Scientific classification
- Kingdom: Animalia
- Phylum: Chordata
- Class: Chondrichthyes
- Subclass: Elasmobranchii
- Division: Selachii
- Order: Carcharhiniformes
- Family: Triakidae
- Genus: Mustelus
- Species: M. californicus
- Binomial name: Mustelus californicus Gill, 1864

= Gray smooth-hound =

- Genus: Mustelus
- Species: californicus
- Authority: Gill, 1864
- Conservation status: LC

Species of shark

The gray smooth-hound (also spelled as smoothhound) (Mustelus californicus) is a houndshark of the family Triakidae. It is spotless and smooth with a narrow head and long blunted snout. This shark is found on continental shelves of the subtropical eastern Pacific. Its range extends from northern California to the Gulf of California (between latitudes 40° N and 23° N), usually residing in waters less than 80 meters (262 ft 6 in) deep. Adults are between 0.5 and 1.6 meters (1 ft 8 in to 5 ft 3 in) long.
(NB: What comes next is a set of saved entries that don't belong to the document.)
(* Let $n$ be a square-free integer with $n\neq 1$ and let $\lambda\geq 3$ be an integer. For integers $s$ with $(s-1)^2>n$ put $\alpha_s=(s^2-s-n,\ (s-1)^2-n,\ s^2-n)\in A(n)$. Then there is $s_0$ such that for all integers $s>t\geq s_0$, the elements $\alpha_s$ and $\alpha_t$ lie in different $H(\lambda)$-orbits of $A(n)$; in fact every element $(a',b',c')$ of the $H(\lambda)$-orbit of $\alpha_s$ satisfies $|a'|\geq s^2-s-n$.
   Context: $A(n)=\{(a,b,c)\in\mathbb{Z}^3: bc=a^2-n\}$, in bijection with $\mathbb{Q}^*(\sqrt n)=\{\frac{a+\sqrt n}{c}: a,c\in\mathbb Z, c\neq 0, \frac{a^2-n}{c}\in\mathbb Z\}$ via $\frac{a+\sqrt n}{c}\mapsto (a,\frac{a^2-n}{c},c)$. $H(\lambda)$ is the group generated by $x:z\mapsto -1/z$ and $w_\lambda:z\mapsto z+\lambda$, acting on triples by $x(a,b,c)=(-a,c,b)$ and $w_\lambda(a,b,c)=(a+\lambda c,\,2\lambda a+b+\lambda^2c,\,c)$. *)

From mathcomp Require Import all_boot all_order all_algebra.
Set Implicit Arguments. Unset Strict Implicit. Unset Printing Implicit Defensive.
Import Order.TTheory GRing.Theory Num.Theory.
Local Open Scope ring_scope.

Definition triple := (int * int * int)%type.

Definition inA (n : int) (t : triple) : Prop :=
  let: (a, b, c) := t in b * c = a ^+ 2 - n.

Definition squarefree (n : int) : Prop :=
  forall d : int, (d ^+ 2 %| n)%Z -> `|d| = 1.

(* action of the generators x : z |-> -1/z and w_lambda : z |-> z + lambda *)
Definition act_x (t : triple) : triple :=
  let: (a, b, c) := t in (- a, c, b).

Definition act_w (lam : int) (t : triple) : triple :=
  let: (a, b, c) := t in (a + lam * c, 2 * lam * a + b + lam ^+ 2 * c, c).

(* H(lambda)-orbit: closure under x, w_lambda and w_lambda^{-1} = w_{-lambda}
   (x is an involution, so this is the orbit under the generated group). *)
Inductive Horbit (lam : int) (t : triple) : triple -> Prop :=
  | orb_refl : Horbit lam t t
  | orb_x u : Horbit lam t u -> Horbit lam t (act_x u)
  | orb_w u : Horbit lam t u -> Horbit lam t (act_w lam u)
  | orb_winv u : Horbit lam t u -> Horbit lam t (act_w (- lam) u).

Definition alpha (n s : int) : triple :=
  (s ^+ 2 - s - n, (s - 1) ^+ 2 - n, s ^+ 2 - n).

From mathcomp Require Import all_boot all_order all_algebra.
From mathcomp Require Import ring lra zify.
Import Order.TTheory GRing.Theory Num.Theory.
Local Open Scope ring_scope.
Set Implicit Arguments. Unset Strict Implicit.

(* Ping-pong argument for the H(lambda)-orbit of alpha_s.

   Every element of H(lambda) is a reduced word alternating x with powers
   w_lambda^k, k <> 0, and w_lambda^k acts on triples as the translation
   act_w (k * lambda).  Call a triple (a, b, c) "c-dominated" if
   2|a| <= 3|c| and "b-dominated" if 2|a| <= 3|b|.  Provided |lambda| >= 3
   and 9|n| <= 5 a0^2, a translation by k * lambda (k <> 0) maps a
   c-dominated triple of A(n) with |a| >= a0 to a b-dominated one whose
   first entry has not decreased, and x exchanges the two kinds of
   dominance while keeping |a|.  Hence along a reduced word the first entry
   never drops below a0, provided the starting triple is dominated in both
   ways.  For s >= |n| + 5 the triple alpha_s is, with a0 = s^2 - s - n;
   since s^2 - s - n is strictly increasing in s, the orbits of distinct
   alpha_s are then disjoint. *)

Lemma act_xK : involutive act_x.
Proof. by case=> [[a b] c] /=; rewrite !opprK. Qed.

Lemma act_w0 (t : triple) : act_w 0 t = t.
Proof. by case: t => [[a b] c] /=; congr (_, _, _); ring. Qed.

Lemma act_wD (u v : int) (t : triple) : act_w u (act_w v t) = act_w (v + u) t.
Proof. by case: t => [[a b] c] /=; congr (_, _, _); ring. Qed.

Inductive letter := Start | LastX | LastW.

Inductive reduced (lam : int) (p0 : triple) : triple -> letter -> Prop :=
  | red_nil : reduced lam p0 p0 Start
  | red_x p l : reduced lam p0 p l -> l <> LastX -> reduced lam p0 (act_x p) LastX
  | red_w p l k : reduced lam p0 p l -> l <> LastW -> k != 0 ->
      reduced lam p0 (act_w (k * lam) p) LastW.

Lemma reduced_w (lam : int) (p0 p : triple) (l : letter) (j : int) :
  reduced lam p0 p l -> exists l', reduced lam p0 (act_w (j * lam) p) l'.
Proof.
move=> red_p; have [->|j0] := eqVneq j 0; first by rewrite mul0r act_w0; exists l.
move: red_p; case=> [|q l' red_q lX|q l' k red_q lW k0].
- by exists LastW; apply: (red_w (red_nil _ _) _ j0).
- by exists LastW; apply: (red_w (red_x red_q lX) _ j0).
- rewrite act_wD -mulrDl.
  have [->|kj0] := eqVneq (k + j) 0; first by rewrite mul0r act_w0; exists l'.
  by exists LastW; exact: red_w red_q lW kj0.
Qed.

Lemma reduced_x (lam : int) (p0 p : triple) (l : letter) :
  reduced lam p0 p l -> exists l', reduced lam p0 (act_x p) l'.
Proof.
case=> [|q l' red_q _|q l' k red_q lW k0].
- by exists LastX; apply: (red_x (red_nil _ _)).
- by rewrite act_xK; exists l'.
- by exists LastX; apply: (red_x (red_w red_q lW k0)).
Qed.

Lemma horbit_reduced (lam : int) (p0 q : triple) :
  Horbit lam p0 q -> exists l, reduced lam p0 q l.
Proof.
elim=> [|u _ [l red_u]|u _ [l red_u]|u _ [l red_u]].
- by exists Start; exact: red_nil.
- exact: reduced_x red_u.
- by have := reduced_w 1 red_u; rewrite mul1r.
- by have := reduced_w (-1) red_u; rewrite mulN1r.
Qed.

Definition c_dominated (t : triple) : Prop :=
  let: (a, _, c) := t in 2 * `|a| <= 3 * `|c|.

Definition b_dominated (t : triple) : Prop :=
  let: (a, b, _) := t in 2 * `|a| <= 3 * `|b|.

Lemma translate_c_dominated (a c mu : int) : 3 <= `|mu| -> 2 * `|a| <= 3 * `|c| ->
  `|a| <= `|a + mu * c| /\ 3 * `|c| <= 2 * `|a + mu * c|.
Proof.
move=> mu3 dom.
have : 3 * `|c| <= `|mu| * `|c| by apply: ler_wpM2r.
have : `|mu * c| <= `|a + mu * c| + `|a| by lia.
rewrite normrM; lia.
Qed.

Lemma b_dominated_of_norm (n a b c : int) : b * c = a ^+ 2 - n -> 0 < `|c| ->
  3 * `|c| <= 2 * `|a| -> 9 * `|n| <= 5 * `|a| ^+ 2 -> 2 * `|a| <= 3 * `|b|.
Proof.
move=> bc c0 ca na.
have : `|a| ^+ 2 - `|n| <= `|b| * `|c|.
  rewrite -normrM bc real_normK ?num_real //; lia.
nia.
Qed.

Section DominanceInvariant.

Variables (n lam a0 : int).
Hypotheses (lam3 : 3 <= `|lam|) (a0_gt0 : 0 < a0) (n_small : 9 * `|n| <= 5 * a0 ^+ 2).

(* Invariant along a reduced word: membership in A(n), |a| >= a0, and the
   dominance needed by the letters that may follow. *)
Definition good (t : triple) (l : letter) : Prop :=
  [/\ inA n t, a0 <= `|t.1.1|, l <> LastW -> c_dominated t
    & l <> LastX -> b_dominated t].

Lemma good_x (t : triple) : b_dominated t -> good t LastW -> good (act_x t) LastX.
Proof.
case: t => [[a b] c] dom [tA ta0 _ _]; split=> //=; rewrite ?normrN //.
by rewrite /inA sqrrN mulrC.
Qed.

Lemma good_w (t : triple) (k : int) : k != 0 -> c_dominated t -> good t LastX ->
  good (act_w (k * lam) t) LastW.
Proof.
case: t => [[a b] c] k0 /= dom [tA /= ta0 _ _].
have mu3 : 3 <= `|k * lam| by rewrite normrM; move: k0; nia.
have [ge_a dom_c] := translate_c_dominated mu3 dom.
have bc : (2 * (k * lam) * a + b + (k * lam) ^+ 2 * c) * c
          = (a + k * lam * c) ^+ 2 - n by move: tA; rewrite /inA; lra.
split=> [//|/=|//|_]; first lra.
apply: b_dominated_of_norm bc _ dom_c _; first lia.
have a0_le : a0 <= `|a + k * lam * c| by lia.
have : a0 ^+ 2 <= `|a + k * lam * c| ^+ 2 by rewrite !expr2; apply: ler_pM; lia.
lia.
Qed.

Lemma reduced_good (p0 p : triple) (l : letter) :
  good p0 Start -> reduced lam p0 p l -> good p l.
Proof.
move=> good0; elim=> [//|q l' _ IH lX|q l' k _ IH lW k0].
- by case: IH => tA ta0 _ /(_ lX) dom; apply: good_x.
- by case: IH => tA ta0 /(_ lW) dom _; apply: good_w.
Qed.

Lemma horbit_lower_bound (p0 : triple) : good p0 Start ->
  forall a b c : int, Horbit lam p0 (a, b, c) -> a0 <= `|a|.
Proof.
by move=> good0 a b c /horbit_reduced [l /(reduced_good good0)] [].
Qed.

End DominanceInvariant.

Lemma alpha_bounds (n s : int) : `|n| + 5 <= s ->
  let a := s ^+ 2 - s - n in
  [/\ 3 * s <= a, 9 * `|n| <= 5 * a ^+ 2 & n < (s - 1) ^+ 2].
Proof.
move=> hs a.
have a_ge : s ^+ 2 - 2 * s + 5 <= a by rewrite /a; lia.
have s2 : s ^+ 2 = s * s by rewrite expr2.
split; first nia.
- have : 3 * `|n| + 15 <= a by nia.
  rewrite expr2; nia.
- have -> : (s - 1) ^+ 2 = s ^+ 2 - 2 * s + 1 by ring.
  nia.
Qed.

Lemma alpha_good (n s : int) : `|n| + 5 <= s ->
  good n (s ^+ 2 - s - n) (alpha n s) Start.
Proof.
move=> hs; have [a3s _ _] := alpha_bounds hs; rewrite /good /alpha /inA /=.
have -> : (s - 1) ^+ 2 - n = (s ^+ 2 - s - n) - s + 1 by ring.
split=> [||_|_]; [ring | lia | lia | lia].
Qed.

Theorem mainTheorem5 (n lam : int) (hn : squarefree n) (hn1 : n != 1)
    (hlam : 3 <= lam) :
  exists s0 : int,
    (forall s : int, s0 <= s -> n < (s - 1) ^+ 2) /\
    (forall s t : int, s0 <= t -> t < s -> ~ (Horbit lam (alpha n s) (alpha n t))) /\
    (forall s : int, s0 <= s -> forall a' b' c' : int,
        Horbit lam (alpha n s) (a', b', c') -> s ^+ 2 - s - n <= `|a'|).
Proof.
have lam3 : 3 <= `|lam| by lia.
have bound s : `|n| + 5 <= s -> forall a' b' c' : int,
    Horbit lam (alpha n s) (a', b', c') -> s ^+ 2 - s - n <= `|a'|.
  move=> hs; have [a3s na _] := alpha_bounds hs.
  by apply: horbit_lower_bound (alpha_good hs) => //; lia.
exists (`|n| + 5); split; [|split; last exact: bound].
- by move=> s /alpha_bounds [].
- move=> s t ht hts /bound; have [a3t _ _] := alpha_bounds ht.
  have : t ^+ 2 - t < s ^+ 2 - s by rewrite !expr2; nia.
  lia.
Qed.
Furthermore, this shark is viviparous with an egg yolk placenta. Reproduction occurs annually and inland estuaries are common nursery grounds. Although there is little data on the shark's population trends and catch quantities, the gray smooth-hound is not considered as vulnerable to overfishing. Additionally, there have been three reported sightings of albinism in this species, which is rare for elasmobranchs (rays and sharks).

== Description ==
The gray smooth-hound is a medium-sized spotless shark with a short narrow head. It is morphologically similar to others of its genus with its slender body, long blunt snout, conspicuous sub-ocular ridges, and dorsolateral eyes. The gray smooth-hound is brown to dark-gray dorsally and white ventrally. The ventral caudal lobe (lower part of tail) is poorly developed and the second dorsal fin is relatively small.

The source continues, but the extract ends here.